More than three-quarters (78%) of small business owners haven’t completed any formal business training. But 83% of them consider themselves knowledgeable, very knowledgeable, or extremely knowledgeable when it comes to accounting and finance.
Are leaders overestimating their savvy?
Absolutely, says CPA Courtney Thayer. “Business owners often feel knowledgeable about their finances just because they get their taxes done every year,” she says.
And Thayer knows firsthand how challenging it can be to stay on top of the books as a business owner. “I was my own worst client,” she recalls. “My own small business was so busy and grew so fast that I lost complete control. I was too busy to categorize or reconcile transactions for two years, and it became an absolute nightmare.”
Thayer says that when it comes to your small business bookkeeping and accounting, you probably know less than you think you do, but you can do more than you believe you can. The trick is finding and using the best support to achieve your business goals.
And here’s how to do exactly that.
Step 1. Acknowledge you need help to grow
Envision your business as wildly successful. What does it look like? What does the thriving company provide for you and others?

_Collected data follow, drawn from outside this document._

Lemma ideal_annihilator P : lie_ideal br L P -> lie_ideal br L (annihilator P).
Proof.
move=> idP; split; first by move=> x [].
- split; first by split; [exact: (submod0 L_submod) | move=> p _; rewrite br0l].
  + move=> x y [Lx xP] [Ly yP]; split; first exact: (submodD L_submod Lx Ly).
    by move=> p Pp; rewrite brDl xP // yP // addr0.
  + move=> a x [Lx xP]; split; first exact: (submodZ L_submod Lx).
    by move=> p Pp; rewrite brZl xP // scaler0.
- move=> x r Lx [Lr rP]; split; first exact: L_br.
  move=> p Pp; have := br_leibniz x r p.
  by rewrite rP // br0r rP ?addr0 //; apply: ideal_brl.
Qed.

Lemma abelian_ideal_eq0 R x : lie_ideal br L R ->
  (forall y z, R y -> R z -> br y z = 0) -> R x -> x = 0.
Proof.
move=> idR abR Rx; apply: NNPP => x_neq0.
have [y [z [Ry [Rz]]]] := semiprimeL idR (ex_intro _ x (conj Rx x_neq0)).
by apply; apply: abR.
Qed.

Lemma ideal_centralizer_eq0 P r : lie_ideal br L P -> P r ->
  (forall p, P p -> br r p = 0) -> r = 0.
Proof.
move=> idP Pr rP.
apply: (abelian_ideal_eq0 (idealI idP (ideal_annihilator idP))).
- by move=> y z [_ [_ yP]] [Pz _]; apply: yP.
- by split=> //; split=> //; apply: ideal_sub idP _ _.
Qed.

Definition dense I := lie_ideal br L I /\ ann_zero br L I.

Lemma dense_full : dense L.
Proof.
split=> [|a La]; first exact: ideal_full.
exact: ideal_centralizer_eq0 ideal_full La.
Qed.

Lemma denseI K J : dense K -> dense J -> dense (fun x => K x /\ J x).
Proof.
move=> [idK annK] [idJ annJ]; split; first exact: idealI.
move=> n Ln nKJ; apply: annK => // k Kk; have Lnk := L_br Ln (ideal_sub idK Kk).
apply: annJ => // j Jj; have Lj := ideal_sub idJ Jj.
have nkj_K := ideal_brr idK (ideal_brl idK Ln Kk) Lj.
have nkj_J := ideal_brl idJ Lnk Jj.
(* [[n, k], j] lies in K ∩ J and, like n, annihilates K ∩ J. *)
apply: (ideal_centralizer_eq0 (idealI idK idJ) (conj nkj_K nkj_J)).
have idN := ideal_annihilator (idealI idK idJ).
exact: (ideal_brr idN (ideal_brr idN (conj Ln nKJ) (ideal_sub idK Kk)) Lj).2.
Qed.

Inductive bracket_span (M : Q -> Prop) : Q -> Prop :=
  | bs_br m m' : M m -> M m' -> bracket_span M (br m m')
  | bs_0 : bracket_span M 0
  | bs_add x y : bracket_span M x -> bracket_span M y -> bracket_span M (x + y)
  | bs_scale (a : Phi) x : bracket_span M x -> bracket_span M (a *: x).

Now imagine an immovable roadblock between you and that end goal. That’s your disorganized and ineffective accounting processes. And until you realize its power to prevent your venture’s success, that obstacle is here to stay.
“You’ll never grow unless you realize you’re not an expert at business finances,” says Thayer. “And that’s okay. It’s fine to not know accounting if you’re not an accountant. But you do need to recognize you’ll need some form of assistance.”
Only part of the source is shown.